**Task statement:**
Set down exactly the first line of the entries and every line after it, through the line with "Definition TN (N".

Data entries
::::
(* Let $\eta(n)\in\mathbb N^N$ denote random allocation after $n$ steps ($\eta_x(n)$ = number of the first $n$ i.i.d. uniform draws from $\{1,\dots,N\}$ equal to $x$). Let $T_N=\lfloor N/\log N\rfloor$ and $H_N=\log N/\log\log N$. For every $\alpha\in[\tfrac12,1)$ and every $\delta\in(0,(1-\alpha)/2)$, with probability at least $1-\varepsilon_N$ where $\sum_N\varepsilon_N<\infty$ (in the paper's words: almost surely, for $N$ large enough), $$\big|\{x\in\{1,\dots,N\}:\ \eta_x(T_N)>\delta H_N\}\big|\ge N^{\alpha}.$$ *)

From mathcomp Require Import all_boot.
From Stdlib Require Import Reals.

Set Implicit Arguments.
Unset Strict Implicit.
Unset Printing Implicit Defensive.

Definition Rltb (a b : R) : bool := if Rlt_dec a b then true else false.
Definition Rleb (a b : R) : bool := if Rle_dec a b then true else false.

Definition unifP (T : finType) (A : {pred T}) : R :=
  INR #|A| / INR #|T|.

Definition TN (N : nat) : nat := Z.to_nat (Int_part (INR N / ln (INR N))).

Definition HN (N : nat) : R := ln (INR N) / ln (ln (INR N)).

(* A sample of n i.i.d. uniform draws from {1..N} (encoded as 'I_N = {0..N-1})
   is w : {ffun 'I_n -> 'I_N}; eta_x(n) = number of draws equal to x. *)
Definition eta (N n : nat) (w : {ffun 'I_n -> 'I_N}) (x : 'I_N) : nat :=
  #|[set i : 'I_n | w i == x]|.

Definition good_event (N : nat) (alpha delta : R)
  (w : {ffun 'I_(TN N) -> 'I_N}) : bool :=
  Rleb (Rpower (INR N) alpha)
       (INR #|[set x : 'I_N | Rltb (delta * HN N) (INR (eta w x))]|).

(* Let f(w) be the number of bins x with eta_x(T_N) > delta H_N.  Changing a single draw
   moves f by at most one, so the bounded-differences (Azuma-McDiarmid) inequality gives
   P(f <= E f - t) <= exp (-t^2 / (8 T_N)).  With m = floor (delta H_N) + 1,
   E f >= N P(eta_x(T_N) = m) = N C(T_N, m) (N - 1)^(T_N - m) / N^T_N, and this is at least N^b
   for large N whenever b + 2 delta < 1.  Choosing alpha < b and 2 b > 1 (possible as
   alpha >= 1/2) and t = N^b / 2 >= N^alpha, the failure probability is at most
   exp (-N^(2b) / (32 T_N)) <= N^-4 <= 1 / ((N + 1) (N + 2)), which is summable. *)

From Pilot Require Import Defs.
From HB Require Import structures.
From mathcomp Require Import all_boot.
From Stdlib Require Import Reals Lra Lia ZArith.
Import ssrnat.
::::
**Written response:**
(* Let $\eta(n)\in\mathbb N^N$ denote random allocation after $n$ steps ($\eta_x(n)$ = number of the first $n$ i.i.d. uniform draws from $\{1,\dots,N\}$ equal to $x$). Let $T_N=\lfloor N/\log N\rfloor$ and $H_N=\log N/\log\log N$. For every $\alpha\in[\tfrac12,1)$ and every $\delta\in(0,(1-\alpha)/2)$, with probability at least $1-\varepsilon_N$ where $\sum_N\varepsilon_N<\infty$ (in the paper's words: almost surely, for $N$ large enough), $$\big|\{x\in\{1,\dots,N\}:\ \eta_x(T_N)>\delta H_N\}\big|\ge N^{\alpha}.$$ *)

From mathcomp Require Import all_boot.
From Stdlib Require Import Reals.

Set Implicit Arguments.
Unset Strict Implicit.
Unset Printing Implicit Defensive.

Definition Rltb (a b : R) : bool := if Rlt_dec a b then true else false.
Definition Rleb (a b : R) : bool := if Rle_dec a b then true else false.

Definition unifP (T : finType) (A : {pred T}) : R :=
  INR #|A| / INR #|T|.

Definition TN (N : nat) : nat := Z.to_nat (Int_part (INR N / ln (INR N))).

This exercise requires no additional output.